• Exercise data:

Definition finite_game (M : Type) (G : game M) : Prop :=
  exists l : list (nat -> M), forall R, Run (gtree G) R -> List.In R l.

Definition game_le (M : Type) (G G' : game M) : Prop :=
  (forall t, gtree G t -> gtree G' t) /\
  (forall R, gwin G R <-> (gwin G' R /\ Run (gtree G) R)).

(* chronological map T1 -> T2 (only its values on T1 matter) *)
Definition chronological (M1 M2 : Type) (T1 : seq M1 -> Prop) (T2 : seq M2 -> Prop)
  (f : seq M1 -> seq M2) : Prop :=
  forall t, T1 t ->
    [/\ T2 (f t), size (f t) = size t & forall k : nat, f (take k t) = take k (f t)].

Definition induced (M1 M2 : Type) (f : seq M1 -> seq M2) (R : nat -> M1) (R' : nat -> M2)
  : Prop := forall n : nat, restr R' n = f (restr R n).

Definition game_embedding (M1 M2 : Type) (G1 : game M1) (G2 : game M2)
  (f : seq M1 -> seq M2) : Prop :=
  [/\ chronological (gtree G1) (gtree G2) f,
      (forall s t, gtree G1 s -> gtree G1 t -> f s = f t -> s = t) &
      (forall R R', Run (gtree G1) R -> induced f R R' -> (gwin G2 R' <-> gwin G1 R))].

Definition countable_set (X : Type) (S : X -> Prop) : Prop :=
  exists g : X -> nat, forall x y, S x -> S y -> g x = g y -> x = y.

Definition injective_finite (M : Type) (X : game M) : Prop :=
  forall (MC MD : Type) (C : game MC) (D : game MD)
         (g : seq MC -> seq MD) (f : seq MC -> seq M),
    is_game C -> is_game D -> finite_game C -> finite_game D ->
    game_embedding C D g -> game_embedding C X f ->
    exists h : seq MD -> seq M,
      game_embedding D X h /\ (forall t, gtree C t -> h (g t) = f t).

End Games.

From Stdlib Require Import ClassicalEpsilon FunctionalExtensionality Classical.
From Stdlib Require List.
From mathcomp Require Import all_boot zify.
Set Implicit Arguments. Unset Strict Implicit. Unset Printing Implicit Defensive.

(* Enumerate the winning runs of G2, and the winning runs of G1 together with one
   sequence through each node of G1.  Grow G into finite games H_0 = G, H_1, ...,
   adding at stage n the n-th enumerated sequence as a new branch, so that the H_n
   exhaust G1, and extend the embedding stage by stage.  To extend it from H_n to
   H_(n+1), embed H_n into the finite game made of H_n and K tagged copies of the new
   branch and let the injectivity of G2 extend the embedding to that game: the
   copies have pairwise distinct images at the level where the branch leaves H_n,
   so for K large one of them avoids the first n winning runs of G2, and the new
   branch is sent along it.  The union of these embeddings is the extension.  A run
   of G1 lying in no H_n is not winning, being enumerated otherwise; nor is its
   image, which leaves every winning run of G2 at a late enough stage. *)

Lemma ex_least (P : nat -> Prop) :
  (exists n, P n) -> exists n, P n /\ forall k, k < n -> ~ P k.
Proof.
move=> [n Pn]; apply: NNPP => none.
suff below : forall m k, k < m -> ~ P k by exact: (below n.+1 n).
elim=> [|m IH] k //; rewrite ltnS leq_eqVlt => /predU1P [-> Pm|/IH //].
by apply: none; exists m.
Qed.

Lemma pigeonhole_avoid (X : Type) (F : nat -> X) (A : seq X) (K : nat) :
  size A < K -> (forall i j, i < K -> j < K -> F i = F j -> i = j) ->
  exists i, i < K /\ ~ List.In (F i) A.
Proof.
move=> szA Finj; apply: NNPP => allin.
have incl : List.incl (List.map F (iota 0 K)) A.
  move=> y /List.in_map_iff [i [<- /List.in_seq lti]].
  by apply: NNPP => Ni; apply: allin; exists i; split => //; lia.
have nodup : List.NoDup (List.map F (iota 0 K)).
  apply: List.NoDup_map_NoDup_ForallPairs (List.seq_NoDup K 0).
  by move=> i j /List.in_seq ? /List.in_seq ?; apply: Finj; lia.
have := List.NoDup_incl_length nodup incl.
rewrite List.length_map List.length_seq => /leP.
by change (K <= size A -> False); rewrite leqNgt szA.
Qed.

Lemma In_pmap (aT rT : Type) (f : aT -> option rT) (s : seq aT) x y :
  List.In x s -> f x = Some y -> List.In y (pmap f s).
Proof.
elim: s => //= a s IH [-> fx|sx fx]; first by rewrite fx; left.
by case: (f a) => [z|]; [right|]; apply: IH.
Qed.

Section Restr.
Variable M : Type.
Implicit Types (R S : nat -> M) (t : seq M).

Lemma size_restr R m : size (restr R m) = m.
Proof. exact: size_mkseq. Qed.

Lemma take_restr R k m : take k (restr R m) = restr R (minn k m).
Proof. by rewrite /restr /mkseq -map_take take_iota. Qed.

Lemma restrS R m : restr R m.+1 = rcons (restr R m) (R m).
Proof. exact: mkseqS. Qed.

Lemma nth_restr x0 R m p : p < m -> nth x0 (restr R m) p = R p.
Proof. exact: nth_mkseq. Qed.

Lemma map_restr (N : Type) (f : M -> N) R m :
  map f (restr R m) = restr (fun p => f (R p)) m.
Proof. by rewrite /restr /mkseq -map_comp. Qed.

• Work instruction: The expected response is the full set of records, reproduced exactly.

• Result below:
Definition finite_game (M : Type) (G : game M) : Prop :=
  exists l : list (nat -> M), forall R, Run (gtree G) R -> List.In R l.

Definition game_le (M : Type) (G G' : game M) : Prop :=
  (forall t, gtree G t -> gtree G' t) /\
  (forall R, gwin G R <-> (gwin G' R /\ Run (gtree G) R)).

(* chronological map T1 -> T2 (only its values on T1 matter) *)
Definition chronological (M1 M2 : Type) (T1 : seq M1 -> Prop) (T2 : seq M2 -> Prop)
  (f : seq M1 -> seq M2) : Prop :=
  forall t, T1 t ->
    [/\ T2 (f t), size (f t) = size t & forall k : nat, f (take k t) = take k (f t)].

Definition induced (M1 M2 : Type) (f : seq M1 -> seq M2) (R : nat -> M1) (R' : nat -> M2)
  : Prop := forall n : nat, restr R' n = f (restr R n).

Definition game_embedding (M1 M2 : Type) (G1 : game M1) (G2 : game M2)
  (f : seq M1 -> seq M2) : Prop :=
  [/\ chronological (gtree G1) (gtree G2) f,
      (forall s t, gtree G1 s -> gtree G1 t -> f s = f t -> s = t) &
      (forall R R', Run (gtree G1) R -> induced f R R' -> (gwin G2 R' <-> gwin G1 R))].

Definition countable_set (X : Type) (S : X -> Prop) : Prop :=
  exists g : X -> nat, forall x y, S x -> S y -> g x = g y -> x = y.

Definition injective_finite (M : Type) (X : game M) : Prop :=
  forall (MC MD : Type) (C : game MC) (D : game MD)
         (g : seq MC -> seq MD) (f : seq MC -> seq M),
    is_game C -> is_game D -> finite_game C -> finite_game D ->
    game_embedding C D g -> game_embedding C X f ->
    exists h : seq MD -> seq M,
      game_embedding D X h /\ (forall t, gtree C t -> h (g t) = f t).

End Games.

From Stdlib Require Import ClassicalEpsilon FunctionalExtensionality Classical.
From Stdlib Require List.
From mathcomp Require Import all_boot zify.
Set Implicit Arguments. Unset Strict Implicit. Unset Printing Implicit Defensive.

(* Enumerate the winning runs of G2, and the winning runs of G1 together with one
   sequence through each node of G1.  Grow G into finite games H_0 = G, H_1, ...,
   adding at stage n the n-th enumerated sequence as a new branch, so that the H_n
   exhaust G1, and extend the embedding stage by stage.  To extend it from H_n to
   H_(n+1), embed H_n into the finite game made of H_n and K tagged copies of the new
   branch and let the injectivity of G2 extend the embedding to that game: the
   copies have pairwise distinct images at the level where the branch leaves H_n,
   so for K large one of them avoids the first n winning runs of G2, and the new
   branch is sent along it.  The union of these embeddings is the extension.  A run
   of G1 lying in no H_n is not winning, being enumerated otherwise; nor is its
   image, which leaves every winning run of G2 at a late enough stage. *)

Lemma ex_least (P : nat -> Prop) :
  (exists n, P n) -> exists n, P n /\ forall k, k < n -> ~ P k.
Proof.
move=> [n Pn]; apply: NNPP => none.
suff below : forall m k, k < m -> ~ P k by exact: (below n.+1 n).
elim=> [|m IH] k //; rewrite ltnS leq_eqVlt => /predU1P [-> Pm|/IH //].
by apply: none; exists m.
Qed.

Lemma pigeonhole_avoid (X : Type) (F : nat -> X) (A : seq X) (K : nat) :
  size A < K -> (forall i j, i < K -> j < K -> F i = F j -> i = j) ->
  exists i, i < K /\ ~ List.In (F i) A.
Proof.
move=> szA Finj; apply: NNPP => allin.
have incl : List.incl (List.map F (iota 0 K)) A.
  move=> y /List.in_map_iff [i [<- /List.in_seq lti]].
  by apply: NNPP => Ni; apply: allin; exists i; split => //; lia.
have nodup : List.NoDup (List.map F (iota 0 K)).
  apply: List.NoDup_map_NoDup_ForallPairs (List.seq_NoDup K 0).
  by move=> i j /List.in_seq ? /List.in_seq ?; apply: Finj; lia.
have := List.NoDup_incl_length nodup incl.
rewrite List.length_map List.length_seq => /leP.
by change (K <= size A -> False); rewrite leqNgt szA.
Qed.

Lemma In_pmap (aT rT : Type) (f : aT -> option rT) (s : seq aT) x y :
  List.In x s -> f x = Some y -> List.In y (pmap f s).
Proof.
elim: s => //= a s IH [-> fx|sx fx]; first by rewrite fx; left.
by case: (f a) => [z|]; [right|]; apply: IH.
Qed.

Section Restr.
Variable M : Type.
Implicit Types (R S : nat -> M) (t : seq M).

Lemma size_restr R m : size (restr R m) = m.
Proof. exact: size_mkseq. Qed.

Lemma take_restr R k m : take k (restr R m) = restr R (minn k m).
Proof. by rewrite /restr /mkseq -map_take take_iota. Qed.

Lemma restrS R m : restr R m.+1 = rcons (restr R m) (R m).
Proof. exact: mkseqS. Qed.

Lemma nth_restr x0 R m p : p < m -> nth x0 (restr R m) p = R p.
Proof. exact: nth_mkseq. Qed.

Lemma map_restr (N : Type) (f : M -> N) R m :
  map f (restr R m) = restr (fun p => f (R p)) m.
Proof. by rewrite /restr /mkseq -map_comp. Qed.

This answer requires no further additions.